The Medicines and Medical Devices Safety Review (or the Cumberlege Review) was published last week into the harmful impacts of pregnancy test Primodos, epilepsy drug sodium valproate and pelvic mesh implants. The widely publicised review has shown why the establishment of an independent Patient Safety Commissioner is an absolute priority in giving patients and families a voice to prevent avoidable harm in future.
The Department of Health and Social Care would do well to look to the role of the Children’s Commissioner role, currently held by Anne Longfield. The position was established in 2004 as the independent voice of children and young people, championing their interests and bringing their concerns to the national arena. The independent nature of the Children’s Commissioner gives them the freedom to monitor, promote and protect the human rights of children successfully.
The Cumberlege Review shows that NHS leaders and doctors need to effectively be held to account for their own operations to ensure that the patient’s interests are put first. Sir Cyril Chantler, one of the review panel members, said that if such a Commissioner post had existed before, there would have been no need for this latest inquiry because the Primodos, Valproate and mesh scandals would have been dealt with at an early stage, preventing the high number of patient incidents that were allowed to occur.
This sentiment was echoed by Chief Executive of the Epilepsy Society, Clare Pelham, who highlights the need for radical change in the regulation of the Healthcare System. She said that the culture of ‘doctors know best’ must end now, and the appointment of a Patient Safety Commissioner “is imperative to listen to patients and enable their voices to influence improvements to patient safety”. Pelham emphasises that the commissioner must be “one of us” – that is not a doctor, a nurse, a scientist, or someone with years of experience within the NHS. Pelham says, “They must be a patient, like any of us who goes to see their doctor in their hour of need full of trust and confidence and deserves openness and a willingness to learn from mistakes, as well as care and understanding.”

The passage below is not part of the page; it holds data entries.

Lemma class_neighbor_of_fork v0 v2 x y n : e v0 v2 -> e v0 x -> e v0 y ->
  ~~ e v2 x -> ~~ e v2 y -> lt x v2 -> lt v2 y -> lt v0 v2 ->
  e v2 n -> n != v0 -> cls n = cls v2.
Proof.
move=> e02 e0x e0y n2x n2y x2 y2 l02 e2n nv0.
have c02 : cls v0 != cls v2.
  by apply: contra n2y => /eqP; have [h _] := sc l02 y2 e0y; apply: h.
have n0n : ~~ e v0 n.
  by apply/negP => e0n; apply: (no_triangle irr_e acyc_e e2n _ e02); rewrite sym_e.
have nonadj z : e v0 z -> v2 != z -> ~~ e n z.
  move=> e0z v2z; apply: contra nv0 => enz; apply/eqP.
  by apply: (common_neighbor_unique sym_e irr_e acyc_e e2n enz _ e0z); rewrite // sym_e.
have nnx : ~~ e n x by rewrite nonadj // eq_sym lt_neq.
have nny : ~~ e n y by rewrite nonadj // lt_neq.
case/orP: (lt_total nv0) => [n0|l0n].
  have n2 : lt n v2 := lt_trans n0 l02.
  case/orP: (lt_total (neq_of_edge_nonedge e2n n2x)) => [nx|xn].
    by apply: (skipped_class_eq nx x2 _ nnx); rewrite // sym_e.
  have ex0 : e x v0 by rewrite sym_e.
  have nxn : ~~ e x n by rewrite sym_e.
  have nn0 : ~~ e n v0 by rewrite sym_e.
  apply: I2_eq_of_neq c02; rewrite -(skipped_class_eq xn n0 ex0 nxn nn0) eq_sym.
  exact: (skipped_class_neq xn n0 ex0 nxn nn0).
case/orP: (lt_total (neq_of_edge_nonedge e2n n2y)) => [ny|yn].
  apply: I2_eq_of_neq c02; rewrite eq_sym.
  by apply: (skipped_class_neq l0n ny e0y n0n nny).
by apply/esym/(skipped_class_eq y2 yn e2n n2y); rewrite sym_e.
Qed.

Lemma no_fork_over v0 v2 x y : 4 <= deg e v2 -> e v0 v2 -> e v0 x -> e v0 y ->
  ~~ e v2 x -> ~~ e v2 y -> lt x v2 -> lt v2 y -> lt v0 v2 -> False.
Proof.
move=> dv e02 e0x e0y n2x n2y x2 y2 l02; rewrite /deg in dv.
have v0N : v0 \in [set u | e v2 u] by rewrite inE sym_e.
have le2 : #|[set u | e v2 u] :\ v0| <= 2.
  apply: (@neighbors_in_class_le2 v2) => n; rewrite !inE => /andP [nv0 e2n].
  by split=> //; apply: (class_neighbor_of_fork e02 e0x e0y n2x n2y x2 y2 l02).
by move: dv; rewrite (cardsD1 v0) v0N; lia.
Qed.

Lemma no_path_around v x p : 4 <= deg e v -> path e x p ->
  all (fun u => (u != v) && ~~ e v u) (x :: p) -> lt x v != lt (last x p) v ->
  False.
Proof.
move=> dv; elim: p x => [|z p IH] x /=; first by rewrite eqxx.
case/andP=> xz pz /and3P [/andP [xv nvx] Qz Qp] side.
case: (eqVneq (lt x v) (lt z v)) => [same|switch].
  by apply: (IH z) => //=; rewrite ?Qz -?same.
have [zv nvz] := andP Qz.
have zside : lt z v = ~~ lt x v by move: switch; case: (lt x v); case: (lt z v).
case/orP: (lt_total xv) => [xlt|vlt].
  by apply: (no_edge_over dv xz xlt (lt_of_nlt zv _) nvx nvz); rewrite zside xlt.
have zlt : lt z v by rewrite zside lt_asym.
by apply: (no_edge_over dv _ zlt vlt nvz nvx); rewrite sym_e.
Qed.

Lemma no_nexus_from_below v0 v1 v2 v3 : lt v1 v2 -> lt v2 v3 ->
  4 <= deg e v2 -> lt v0 v2 -> ~ nexus e v0 v1 v2 v3.
Proof.
move=> l12 l23 dv l02 [/= uq [p1 [p2 [p3 [[pp1 l1 up1] P2 [pp3 l3 up3] [d12 _ d23]]]]]].
move: uq; rewrite !inE !negb_or => /and4P [/and3P [n01 n02 n03] _ _ _].
have Q1 := disjoint_branch_avoids sym_e acyc_e P2 pp1 up1 n02 d12.
have Q3 := disjoint_branch_avoids sym_e acyc_e P2 pp3 up3 n02 (all_notin_sym d23).
case: (boolP (e v0 v2)) => [e02|n02e]; last first.
  apply: (no_path_around dv pp3); first by rewrite /= n02 sym_e n02e Q3.
  by rewrite l3 l02 (negbTE (lt_asym l23)).
case: p1 pp1 up1 l1 Q1 {d12} => [_ _ /= l1|x p1 /= /andP [e0x pp1] _ l1 /andP [Qx Q1]].
  by rewrite l1 eqxx in n01.
case: p3 pp3 up3 l3 Q3 {d23} => [_ _ /= l3|y p3 /= /andP [e0y pp3] _ l3 /andP [Qy Q3]].
  by rewrite l3 eqxx in n03.
have [[_ n2x] [yv2 n2y]] := (andP Qx, andP Qy).
case: (boolP (lt x v2)) => [x2|nx2]; last first.
  apply: (no_path_around dv pp1); first by rewrite /= Qx Q1.
  by rewrite l1 l12 (negbTE nx2).
case: (boolP (lt y v2)) => [y2|ny2].
  apply: (no_path_around dv pp3); first by rewrite /= Qy Q3.
  by rewrite l3 y2 (negbTE (lt_asym l23)).
exact: (no_fork_over dv e02 e0x e0y n2x n2y x2 (lt_of_nlt yv2 ny2) l02).
Qed.

End Order.

Lemma nexus_swap (T : finType) (e : rel T) v0 v1 v2 v3 :
  nexus e v0 v1 v2 v3 -> nexus e v0 v3 v2 v1.
Proof.
case=> uq [p1 [p2 [p3 [P1 P2 P3 [d12 d13 d23]]]]]; split.
  rewrite (_ : [:: v0; v3; v2; v1] = v0 :: rev [:: v1; v2; v3]) //.
  by rewrite cons_uniq mem_rev rev_uniq.
by exists p3, p2, p1; split=> //; split; apply: all_notin_sym.
Qed.

Section Reversal.
Variables (T : finType) (e lt : rel T) (cls : T -> 'I_2).
Hypotheses (sym_e : symmetric e) (irr_e : irreflexive e) (acyc_e : acyclic e).
Hypotheses (lt_irr : irreflexive lt) (lt_trans : transitive lt).
Hypothesis lt_total : forall a b, a != b -> lt a b || lt b a.
Hypothesis sc : order_consistent e lt cls.

Lemma no_nexus v0 v1 v2 v3 : lt v1 v2 -> lt v2 v3 -> 4 <= deg e v2 ->
  ~ nexus e v0 v1 v2 v3.
Proof.
move=> l12 l23 dv nx; have [uq _] := nx.
have n02 : v0 != v2 by move: uq; rewrite /= !inE !negb_or => /and4P [/and3P []].
case/orP: (lt_total n02) => [l02|l20].
  exact: (no_nexus_from_below sym_e irr_e acyc_e lt_irr lt_trans lt_total sc
    l12 l23 dv l02).
have gt_trans : transitive (fun a b => lt b a).
  by move=> b a c ab bc; apply: lt_trans bc ab.
have gt_total a b : a != b -> lt b a || lt a b by move/lt_total; rewrite orbC.
exact: (no_nexus_from_below sym_e irr_e acyc_e (lt := fun a b => lt b a) lt_irr
  gt_trans gt_total (order_consistent_rev sym_e sc) l23 l12 dv l20 (nexus_swap nx)).
Qed.

End Reversal.

Theorem corollaryA8 (T : finType) (e : rel T) (Htree : is_tree e)
    (Hpthin : pthin_eq e 2)
    (rk : T -> nat) (cls : T -> 'I_2) (Hrk : injective rk)
    (Hsc : strongly_consistent e rk cls)
    (v1 v2 v3 : T) (H12 : rk v1 < rk v2) (H23 : rk v2 < rk v3)
    (Hdeg : 4 <= deg e v2) :
  ~ exists v0 : T, nexus e v0 v1 v2 v3.
Proof.
case: Htree => [[sym_e irr_e] _ acyc_e] [v0].
have rk_total a b : a != b -> (rk a < rk b) || (rk b < rk a).
  by rewrite -neq_ltn (inj_eq Hrk).
have rk_irr : irreflexive (fun a b => rk a < rk b) by move=> a; apply: ltnn.
have rk_trans : transitive (fun a b => rk a < rk b) by move=> ???; apply: ltn_trans.
exact: (no_nexus sym_e irr_e acyc_e rk_irr rk_trans rk_total Hsc H12 H23 Hdeg).
Qed.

In 2010 the then Children’s Commissioner for England Maggie Atkinson called for dialogue between government and stakeholders over concerns for the welfare of children held in detention for immigration purposes. The case is an example of how the Children’s Commissioner intervened on behalf of children and young people in areas of policy that were not designed to encompass children’s rights. An independent Patient Safety Commissioner can provide a similar voice to patients and their families, to ensure that the key decisionmakers are held to account.
At a time when we are particularly grateful to NHS staff, it is essential that the government looks to best practice within other departments to ensure that patients are no longer let down by the nation’s most loved institution, which was set up to protect each and every one of us. If Matt Hancock is serious about focusing on prevention and early detection, then the government should look to replicate the success of the independent Children’s Commissioner Role. An independent commissioner can be free from government agendas to hold the system to account effectively, monitor trends, and encourage and require the system to act. They would press the system to take timely action where action is called for to minimise harm.